Re: Using == on strings

Posted by db...@qis.net.
Ok,

    Seems like a silly design choice as String.equals does this

   public boolean equals(Object anObject) {
	if (this == anObject) {
	    return true;
	}

        ....
        ....



There are over 30 String comparisons using == throughout the code, btw.

But thanks for clearing that up.


Quoting Michael Glavassevich <mr...@ca.ibm.com>:

> Hello Dave,
> 
> If you've been looking through the source code you'll notice that in many 
> places we compare strings by reference instead of calling equals. For 
> performance reasons Xerces keeps a table of unique strings for XML names 
> (elements, attributes, entities, etc...) and namespace names (URIs). These 
> strings have all been internalized (by calling String.intern()) so unique 
> references for names and namespace names are passed through the parser's 
> components. Methods which are part of the public API cannot take advantage 
> of this because a user may pass a reference to some other string object, 
> however this method is not part of the DOM API. I did a search for 
> references to this method using Eclipse and it seems that it's not being 
> called anywhere.
> 
> Thanks.
> 
> "Dave Brosius" <db...@qis.net> wrote on 07/07/2004 10:29:47 PM:
> 
> > I ran across this in org.apache.xerces.dom.DeferredDocumentImpl
> > 
> > Shouldn't this be 
> > 
> >             if (getChunkValue(fNodeName, achunk, aindex).equals( name)) 
> {
> > 
> > ?
> > 
> > 
> >     public String getAttribute(int elemIndex, String name) {
> >         if (elemIndex == -1 || name == null) {
> >             return null;
> >         }
> >         int echunk = elemIndex >> CHUNK_SHIFT;
> >         int eindex = elemIndex & CHUNK_MASK;
> >         int attrIndex = getChunkIndex(fNodeExtra, echunk, eindex);
> >         while (attrIndex != -1) {
> >             int achunk = attrIndex >> CHUNK_SHIFT;
> >             int aindex = attrIndex & CHUNK_MASK;
> >             if (getChunkValue(fNodeName, achunk, aindex) == name) {
> >                 return getChunkValue(fNodeValue, achunk, aindex);
> >             }
> >             attrIndex = getChunkIndex(fNodePrevSib, achunk, aindex);
> >         }
> >         return null;
> >     }
> 
> Michael Glavassevich
> XML Parser Development
> IBM Toronto Lab
> E-mail: mrglavas@ca.ibm.com
> E-mail: mrglavas@apache.org




---------------------------------------------------------------------
To unsubscribe, e-mail: xerces-j-dev-unsubscribe@xml.apache.org
For additional commands, e-mail: xerces-j-dev-help@xml.apache.org


Re: Using == on strings

Posted by Michael Glavassevich <mr...@ca.ibm.com>.
Hello Dave,

If you've been looking through the source code you'll notice that in many 
places we compare strings by reference instead of calling equals.
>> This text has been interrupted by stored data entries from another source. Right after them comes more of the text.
(* Let $\gamma>0$, $y>0$ and $x_1\ge0$ be real numbers with $y+4x_1<1$. Then the function $\sigma\mapsto I_{y,x_1}(\sigma)$ is strictly increasing on its domain $\{\sigma\ge0: y+4x_1+\sigma/\gamma<1\}$.
   Context: $E(x)=-x\log_qx-(1-x)\log_q(1-x)$ for $0<x<1$, $E(0)=E(1)=0$. $S(\sigma,y,x,t_1)=E(t_1)+(1-t_1)E\bigl(\frac{y+x+t_1}{1-t_1}\bigr)+Z$, where $Z=(y+\sigma/\gamma+t_1)E\bigl(\frac{y+x+t_1}{y+\sigma/\gamma+t_1}\bigr)$ if $\frac{y+x+t_1}{y+\sigma/\gamma+t_1}\ge1-\frac1q$ and $Z=(y+\sigma/\gamma+t_1)-(y+x+t_1)\log_q(q-1)$ otherwise. $I_{y,x_1}(\sigma)=\max S(\sigma,y,x,t_1)$ over real $0\le t_1\le2x_1$, $0\le x\le\sigma/\gamma$. *)

From Stdlib Require Import Reals.
From Coquelicot Require Import Coquelicot.
Open Scope R_scope.

Definition logq (q : nat) (x : R) : R := ln x / ln (INR q).

(* q-ary entropy: E(x) = -x log_q x - (1-x) log_q (1-x) for 0<x<1,
   E(0)=E(1)=0 (and, by convention, 0 outside [0,1], never used). *)
Definition Ent (q : nat) (x : R) : R :=
  if Rlt_dec 0 x then
    if Rlt_dec x 1 then - x * logq q x - (1 - x) * logq q (1 - x) else 0
  else 0.

Definition Zterm (q : nat) (gamma sigma y x t1 : R) : R :=
  let a := y + x + t1 in
  let b := y + sigma / gamma + t1 in
  if Rle_dec (1 - 1 / INR q) (a / b) then b * Ent q (a / b)
  else b - a * logq q (INR q - 1).

Definition Sfun (q : nat) (gamma sigma y x t1 : R) : R :=
  Ent q t1 + (1 - t1) * Ent q ((y + x + t1) / (1 - t1))
  + Zterm q gamma sigma y x t1.

(* I_{y,x1}(sigma) = max of S over 0 <= t1 <= 2 x1, 0 <= x <= sigma/gamma,
   formalized as the supremum of the set of attained values. *)
Definition Ifun (q : nat) (gamma y x1 sigma : R) : R :=
  real (Lub_Rbar (fun v => exists x t1,
    0 <= t1 <= 2 * x1 /\ 0 <= x <= sigma / gamma /\
    v = Sfun q gamma sigma y x t1)).

From Stdlib Require Import Reals Lra.
From Coquelicot Require Import Coquelicot.
Open Scope R_scope.

(* Only the term Z depends on sigma, through b = y + sigma/gamma + t1, and
   b |-> Z - b is nondecreasing for fixed a = y + x + t1.  Below the threshold
   Z - b does not depend on b.  Above it, b E(a/b) ln q equals
   b ln b - a ln a - (b-a) ln (b-a), which by the log-sum inequality is concave
   in b with slope ln (b/(b-a)) >= ln q there.  Across the threshold, Gibbs'
   inequality b E(a/b) <= b - a log_q (q-1) bridges the two branches.  Hence
   raising sigma by d raises every value of S by at least d/gamma on a feasible
   region that only grows, and since S is bounded the supremum rises by at
   least d/gamma. *)

Lemma ln_le_sub1 x : 0 < x -> ln x <= x - 1.
Proof. intros Hx. pose proof (exp_ineq1_le (ln x)) as E. rewrite exp_ln in E; lra. Qed.

(* Also valid at [x = 0], where Rocq's junk value [ln 0 = 0] is multiplied by [0]. *)
Lemma mul_ln_div x y : 0 <= x -> 0 < y -> x * ln (x / y) = x * ln x - x * ln y.
Proof. intros [Hx|<-] Hy; [rewrite ln_div by lra|]; ring. Qed.

Lemma sub_le_mul_ln_div x y : 0 <= x -> 0 < y -> x - y <= x * ln (x / y).
Proof.
  intros [Hx|<-] Hy; [|lra].
  assert (Hyx : ln (y / x) <= y / x - 1) by (apply ln_le_sub1, Rdiv_lt_0_compat; lra).
  rewrite ln_div in Hyx by lra. rewrite mul_ln_div by lra.
  apply (Rmult_le_compat_l x) in Hyx; [|lra].
  replace (x * (y / x - 1)) with (y - x) in Hyx by (field; lra).
  lra.
Qed.

Lemma log_sum2 x1 x2 y1 y2 :
  0 <= x1 -> 0 <= x2 -> 0 < y1 -> 0 < y2 -> 0 < x1 + x2 ->
  (x1 + x2) * ln ((x1 + x2) / (y1 + y2)) <= x1 * ln (x1 / y1) + x2 * ln (x2 / y2).
Proof.
  intros Hx1 Hx2 Hy1 Hy2 Hx.
  set (k := (x1 + x2) / (y1 + y2)).
  assert (Hk : 0 < k) by (apply Rdiv_lt_0_compat; lra).
  assert (Hmass : k * y1 + k * y2 = x1 + x2) by (unfold k; field; lra).
  clearbody k.
  assert (Hscale : forall x y, 0 <= x -> 0 < y ->
            x * ln (x / (k * y)) = x * ln (x / y) - x * ln k).
  { intros x y Hx0 Hy0.
    rewrite !mul_ln_div, ln_mult by (try apply Rmult_lt_0_compat; lra). ring. }
  pose proof (sub_le_mul_ln_div x1 (k * y1) Hx1 (Rmult_lt_0_compat _ _ Hk Hy1)) as T1.
  pose proof (sub_le_mul_ln_div x2 (k * y2) Hx2 (Rmult_lt_0_compat _ _ Hk Hy2)) as T2.
  rewrite Hscale in T1, T2 by lra.
  lra.
Qed.

Lemma threshold_le_div_sub Q a B : 0 < Q -> 0 < a < B ->
  1 - 1 / Q <= a / B -> Q <= B / (B - a).
Proof.
  intros HQ Hab Hthr.
  apply (Rmult_le_compat_r (B * Q)) in Hthr; [|nra].
  replace ((1 - 1 / Q) * (B * Q)) with (B * Q - B) in Hthr by (field; lra).
  replace (a / B * (B * Q)) with (a * Q) in Hthr by (field; lra).
  apply (Rmult_le_reg_r (B - a)); [lra|].
  replace (B / (B - a) * (B - a)) with B by (field; lra).
  lra.
Qed.

Section Entropy.

Variable q : nat.
Hypothesis q_ge2 : (2 <= q)%nat.

Lemma INR_q_ge2 : 2 <= INR q.
Proof. replace 2 with (INR 2) by (simpl; lra). apply le_INR; exact q_ge2. Qed.

Lemma ln_q_pos : 0 < ln (INR q).
Proof. pose proof INR_q_ge2. rewrite <- ln_1. apply ln_increasing; lra. Qed.

Lemma logq_pred_ge0 : 0 <= logq q (INR q - 1).
Proof.
  pose proof INR_q_ge2.
  unfold logq. apply Rdiv_le_0_compat; [|exact ln_q_pos].
  rewrite <- ln_1. apply ln_le; lra.
Qed.

Lemma Ent_mul_ln p : 0 <= p <= 1 ->
  Ent q p * ln (INR q) = - p * ln p - (1 - p) * ln (1 - p).
Proof.
  intros Hp. pose proof ln_q_pos. unfold Ent, logq.
  destruct (Rlt_dec 0 p); [destruct (Rlt_dec p 1)|].
  - field. lra.
  - replace p with 1 by lra. rewrite Rminus_diag, ln_1. ring.
  - replace p with 0 by lra. rewrite Rminus_0_r, ln_1. ring.
Qed.

Lemma Ent_persp_mul_ln a b : 0 < a <= b ->
  b * Ent q (a / b) * ln (INR q) = b * ln b - a * ln a - (b - a) * ln (b - a).
Proof.
  intros Hab.
  assert (Hp : 0 <= a / b <= 1).
  { split; [apply Rlt_le, Rdiv_lt_0_compat; lra|].
    apply (Rmult_le_reg_r b); [lra|]. field_simplify; lra. }
  rewrite Rmult_assoc, Ent_mul_ln by exact Hp.
  replace (1 - a / b) with ((b - a) / b) by (field; lra).
  replace (b * (- (a / b) * ln (a / b) - (b - a) / b * ln ((b - a) / b)))
    with (- (a * ln (a / b)) - (b - a) * ln ((b - a) / b)) by (field; lra).
  rewrite !mul_ln_div by lra. ring.
Qed.

Lemma Ent_persp_le_linear a b : 0 < a <= b ->
  b * Ent q (a / b) <= b - a * logq q (INR q - 1).
Proof.
  intros Hab. pose proof INR_q_ge2. pose proof ln_q_pos.
  apply (Rmult_le_reg_r (ln (INR q))); [lra|].
  rewrite Ent_persp_mul_ln by exact Hab.
  replace ((b - a * logq q (INR q - 1)) * ln (INR q))
    with (b * ln (INR q) - a * ln (INR q - 1)) by (unfold logq; field; lra).
  pose proof (log_sum2 a (b - a) (INR q - 1) 1 ltac:(lra) ltac:(lra) ltac:(lra) ltac:(lra)
                ltac:(lra)) as LS.
  replace (a + (b - a)) with b in LS by ring.
  replace (INR q - 1 + 1) with (INR q) in LS by ring.
  rewrite !mul_ln_div, ln_1 in LS by lra.
  lra.
Qed.

Lemma Ent_le_1 p : Ent q p <= 1.
Proof.
  destruct (Rlt_dec 0 p) as [Hp0|Hp0]; [destruct (Rlt_dec p 1) as [Hp1|Hp1]|].
  - pose proof (Ent_persp_le_linear p 1 ltac:(lra)) as G.
    rewrite Rdiv_1_r, Rmult_1_l in G.
    pose proof logq_pred_ge0. nra.
  - unfold Ent. destruct (Rlt_dec 0 p); destruct (Rlt_dec p 1); lra.
  - unfold Ent. destruct (Rlt_dec 0 p); lra.
Qed.

Lemma Ent_persp_increment a b d : 0 < a <= b -> 0 < d ->
  1 - 1 / INR q <= a / (b + d) ->
  b * Ent q (a / b) + d <= (b + d) * Ent q (a / (b + d)).
Proof.
  intros Hab Hd Hthr. pose proof INR_q_ge2. pose proof ln_q_pos.
  apply (Rmult_le_reg_r (ln (INR q))); [lra|].
  rewrite Rmult_plus_distr_r, !Ent_persp_mul_ln by lra.
  pose proof (log_sum2 a (b - a) a (b + d - a) ltac:(lra) ltac:(lra) ltac:(lra) ltac:(lra)
                ltac:(lra)) as LS.
  replace (a + (b - a)) with b in LS by ring.
  replace (a + (b + d - a)) with (b + d) in LS by ring.
  rewrite !mul_ln_div, Rminus_diag in LS by lra.
  assert (Hslope : ln (INR q) <= ln (b + d) - ln (b + d - a)).
  { rewrite <- ln_div by lra. apply ln_le; [lra|].
    apply threshold_le_div_sub; lra. }
  apply (Rmult_le_compat_l d) in Hslope; [|lra].
  lra.
Qed.

Definition Zpart (a b : R) : R :=
  if Rle_dec (1 - 1 / INR q) (a / b) then b * Ent q (a / b)
  else b - a * logq q (INR q - 1).

Lemma Zpart_shift_ge a b d : 0 < a <= b -> 0 < d -> Zpart a b + d <= Zpart a (b + d).
Proof.
  intros Hab Hd.
  assert (Hratio : a / (b + d) <= a / b).
  { apply Rmult_le_compat_l; [lra|]. apply Rinv_le_contravar; lra. }
  unfold Zpart.
  destruct (Rle_dec (1 - 1 / INR q) (a / (b + d))) as [H1|H1];
    destruct (Rle_dec (1 - 1 / INR q) (a / b)) as [H2|H2].
  - exact (Ent_persp_increment a b d Hab Hd H1).
  - lra.
  - pose proof (Ent_persp_le_linear a b Hab). lra.
  - lra.
Qed.

Lemma Zpart_le a b : 0 < a -> 0 < b -> Zpart a b <= b.
Proof.
  intros Ha Hb. unfold Zpart.
  destruct (Rle_dec (1 - 1 / INR q) (a / b)).
  - pose proof (Ent_le_1 (a / b)). nra.
  - pose proof logq_pred_ge0. nra.
Qed.

End Entropy.

Lemma Zterm_Zpart q gamma sigma y x t1 :
  Zterm q gamma sigma y x t1 = Zpart q (y + x + t1) (y + sigma / gamma + t1).
Proof. reflexivity. Qed.

Lemma Sfun_le_3 q gamma sigma y x t1 : (2 <= q)%nat ->
  0 < y + x + t1 <= y + sigma / gamma + t1 -> y + sigma / gamma + t1 <= 1 ->
  0 <= t1 <= 1 -> Sfun q gamma sigma y x t1 <= 3.
Proof.
  intros Hq Hab Hb Ht. unfold Sfun. rewrite Zterm_Zpart.
  pose proof (Zpart_le q Hq (y + x + t1) (y + sigma / gamma + t1) ltac:(lra) ltac:(lra)).
  pose proof (Ent_le_1 q Hq t1).
  pose proof (Ent_le_1 q Hq ((y + x + t1) / (1 - t1))).
  nra.
Qed.

Lemma Sfun_sigma_shift q gamma s s' y x t1 : (2 <= q)%nat -> 0 < gamma -> s < s' ->
  0 < y + x + t1 <= y + s / gamma + t1 ->
  Sfun q gamma s y x t1 + (s' - s) / gamma <= Sfun q gamma s' y x t1.
Proof.
  intros Hq Hg Hs Hab. unfold Sfun. rewrite !Zterm_Zpart.
  replace (y + s' / gamma + t1) with (y + s / gamma + t1 + (s' - s) / gamma)
    by (field; lra).
  pose proof (Zpart_shift_ge q Hq _ _ ((s' - s) / gamma) Hab
                ltac:(apply Rdiv_lt_0_compat; lra)).
  lra.
Qed.

Lemma Lub_Rbar_shift_lt (E1 E2 : R -> Prop) (d M : R) : 0 < d ->
  (exists v, E1 v) -> (forall w, E2 w -> w <= M) ->
  (forall v, E1 v -> exists w, E2 w /\ v + d <= w) ->
  real (Lub_Rbar E1) < real (Lub_Rbar E2).
Proof.
  intros Hd [v0 Hv0] HM Hshift.
  destruct (Lub_Rbar_correct E1) as [ub1 least1].
  destruct (Lub_Rbar_correct E2) as [ub2 least2].
  destruct (Hshift v0 Hv0) as [w0 [Hw0 _]].
  assert (A2 : Rbar_le (Lub_Rbar E2) M) by (apply least2; intros w Hw; apply HM, Hw).
  assert (B2 : Rbar_le w0 (Lub_Rbar E2)) by (apply ub2, Hw0).
  destruct (Lub_Rbar E2) as [l2| |]; simpl in A2, B2; try contradiction.
  assert (A1 : Rbar_le (Lub_Rbar E1) (l2 - d)).
  { apply least1. intros v Hv. destruct (Hshift v Hv) as [w [Hw Hvw]].
    pose proof (ub2 w Hw) as Hwl. simpl in Hwl |- *. lra. }
  assert (B1 : Rbar_le v0 (Lub_Rbar E1)) by (apply ub1, Hv0).
  destruct (Lub_Rbar E1) as [l1| |]; simpl in A1, B1; try contradiction.
  simpl. lra.
Qed.

Theorem lemma4p7 (q : nat) (gamma y x1 : R) :
  (2 <= q)%nat -> 0 < gamma -> 0 < y -> 0 <= x1 -> y + 4 * x1 < 1 ->
  forall s1 s2 : R,
    0 <= s1 -> y + 4 * x1 + s1 / gamma < 1 ->
    0 <= s2 -> y + 4 * x1 + s2 / gamma < 1 ->
    s1 < s2 -> Ifun q gamma y x1 s1 < Ifun q gamma y x1 s2.
Proof.
  intros Hq Hg Hy Hx1 _ s1 s2 Hs1 Hc1 _ Hc2 Hlt.
  assert (Hs1g : 0 <= s1 / gamma) by (apply Rdiv_le_0_compat; lra).
  assert (Hd : 0 < (s2 - s1) / gamma) by (apply Rdiv_lt_0_compat; lra).
  assert (Hs12 : s2 / gamma = s1 / gamma + (s2 - s1) / gamma) by (field; lra).
  apply (Lub_Rbar_shift_lt _ _ ((s2 - s1) / gamma) 3 Hd).
  - exists (Sfun q gamma s1 y 0 0), 0, 0. repeat split; lra.
  - intros w (x & t1 & Ht & Hx & ->). apply Sfun_le_3; [exact Hq | lra ..].
  - intros v (x & t1 & Ht & Hx & ->). exists (Sfun q gamma s2 y x t1). split.
    + exists x, t1. repeat split; lra.
    + apply Sfun_sigma_shift; [exact Hq | exact Hg | exact Hlt | lra].
Qed.
Lemma bellmanE pi u V s :
  bellman Ptr gamma pi u V s =
    (reward pi u + gamma *: (Ppi Ptr pi *m \col_s' V s')) s 0.
Proof.
rewrite /bellman 3!mxE; under eq_bigr do rewrite mulrDr.
rewrite big_split /=; congr (_ + _).
under eq_bigr do rewrite mulrCA big_distrr /=.
rewrite -big_distrr exchange_big /=; congr (_ * _); rewrite mxE.
apply: eq_bigr => s' _; rewrite !mxE big_distrl.
by apply: eq_bigr => a _; rewrite mulrA.
Qed.

Lemma cprob_reward0 pi u s a :
  \sum_s' \sum_a' cprob_sa Ptr pi s a 0 s' a' * u s' a' = u s a.
Proof.
rewrite (bigD1 s) //= (bigD1 a) //= !eqxx mul1r big1 => [|a' /negbTE ->]; last first.
  by rewrite andbF mul0r.
rewrite big1 ?addr0 // => s' /negbTE ->.
by apply: big1 => a' _; rewrite mul0r.
Qed.

Lemma cprob_rewardS pi u s a t :
  \sum_s' \sum_a' cprob_sa Ptr pi s a t.+1 s' a' * u s' a' =
    \sum_s1 Ptr s a s1 * (Ppi Ptr pi ^+ t *m reward pi u) s1 0.
Proof.
under eq_bigr do under eq_bigr do rewrite /= big_distrl /=.
under eq_bigr do rewrite exchange_big /=.
rewrite exchange_big /=; apply: eq_bigr => s1 _.
rewrite mxE big_distrr /=; apply: eq_bigr => s' _.
by rewrite mxE !big_distrr /=; apply: eq_bigr => a' _; rewrite !mulrA.
Qed.

Hypotheses (hP : is_kernel Ptr) (g_ge0 : 0 <= gamma) (g_lt1 : gamma < 1).

Lemma row_stochastic_Ppi pi : is_policy pi -> row_stochastic (Ppi Ptr pi).
Proof.
have [P_ge0 P_sum1] := hP; move=> [pi_ge0 pi_sum1]; split=> [s s'|s].
  by rewrite mxE; apply: sumr_ge0 => a _; exact: mulr_ge0.
under eq_bigr do rewrite mxE.
rewrite exchange_big /=.
by under eq_bigr do rewrite -big_distrr /= P_sum1 mulr1.
Qed.

Lemma occE pi s a : is_policy pi ->
  occ Ptr rho gamma pi s a =
    (\row_s' rho s' *m resolvent (Ppi Ptr pi) gamma) 0 s * pi s a.
Proof.
move=> hpi; rewrite 2!mxE big_distrl; apply: eq_bigr => s0 _.
rewrite mxE /= -mulrA; congr (_ * _); apply: cvg_lim => //.
have psumE k : \sum_(0 <= t < k) gamma ^+ t * prob_sa Ptr pi t s0 s a
    = discounted_psum (Ppi Ptr pi) gamma k s0 s * pi s a.
  by rewrite discounted_psumE big_distrl; apply: eq_bigr => t _; rewrite mulrA.
under eq_cvg do rewrite psumE.
by apply: cvgMr_tmp; apply: cvg_resolvent => //; exact: row_stochastic_Ppi.
Qed.

Lemma sum_occ_mul pi u : is_policy pi ->
  \sum_s \sum_a occ Ptr rho gamma pi s a * u s a =
    (\row_s' rho s' *m resolvent (Ppi Ptr pi) gamma *m reward pi u) 0 0.
Proof.
move=> hpi; rewrite mxE; apply: eq_bigr => s _.
rewrite [reward _ _ _ _]mxE big_distrr /=; apply: eq_bigr => a _.
by rewrite occE // mulrA.
Qed.

Lemma QfunE pi u s a : is_policy pi ->
  Qfun Ptr gamma pi u s a =
    u s a + gamma * \sum_s1 Ptr s a s1
                      * (resolvent (Ppi Ptr pi) gamma *m reward pi u) s1 0.
Proof.
move=> hpi; apply: cvg_lim => //; rewrite -cvg_shiftS /=.
have psumE k :
    \sum_(0 <= t < k.+1) gamma ^+ t
      * \sum_s' \sum_a' cprob_sa Ptr pi s a t s' a' * u s' a' =
    u s a + gamma * \sum_s1 Ptr s a s1
                      * (discounted_psum (Ppi Ptr pi) gamma k *m reward pi u) s1 0.
  rewrite big_nat_recl // expr0 mul1r cprob_reward0; congr (_ + _).
  under eq_bigr do rewrite cprob_rewardS exprS -mulrA.
  rewrite -big_distrr /=; congr (_ * _).
  under eq_bigr => t _ do rewrite big_distrr /=.
  rewrite exchange_big /=; apply: eq_bigr => s1 _.
  rewrite mulmx_suml summxE big_distrr /=; apply: eq_bigr => t _.
  by rewrite -scalemxAl [in RHS]mxE mulrCA.
under eq_cvg do rewrite psumE.
apply: cvgD; first exact: cvg_cst.
apply: cvgMl_tmp; apply: cvg_big => [|s1 _]; first exact: add_continuous.
have stochP := row_stochastic_Ppi pi hpi.
exact: cvgMl_tmp (cvg_mulmxr _ (cvg_resolvent _ _ stochP g_ge0 g_lt1) s1 0).
Qed.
For 
performance reasons Xerces keeps a table of unique strings for XML names 
(elements, attributes, entities, etc...) and namespace names (URIs). These 
strings have all been internalized (by calling String.intern()) so unique 
references for names and namespace names are passed through the parser's 
components. Methods which are part of the public API cannot take advantage 
of this because a user may pass a reference to some other string object, 
however this method is not part of the DOM API. I did a search for 
references to this method using Eclipse and it seems that it's not being 
called anywhere.

Thanks.

"Dave Brosius" <db...@qis.net> wrote on 07/07/2004 10:29:47 PM:

> I ran across this in org.apache.xerces.dom.DeferredDocumentImpl
> 
> Shouldn't this be 
> 
>             if (getChunkValue(fNodeName, achunk, aindex).equals( name)) 
{
> 
> ?
> 
> 
>     public String getAttribute(int elemIndex, String name) {
>         if (elemIndex == -1 || name == null) {
>             return null;
>         }
>         int echunk = elemIndex >> CHUNK_SHIFT;
>         int eindex = elemIndex & CHUNK_MASK;
>         int attrIndex = getChunkIndex(fNodeExtra, echunk, eindex);
>         while (attrIndex != -1) {
>             int achunk = attrIndex >> CHUNK_SHIFT;
>             int aindex = attrIndex & CHUNK_MASK;
>             if (getChunkValue(fNodeName, achunk, aindex) == name) {
>                 return getChunkValue(fNodeValue, achunk, aindex);
>             }
>             attrIndex = getChunkIndex(fNodePrevSib, achunk, aindex);
>         }
>         return null;
>     }

Michael Glavassevich
XML Parser Development
IBM Toronto Lab
E-mail: mrglavas@ca.ibm.com
E-mail: mrglavas@apache.org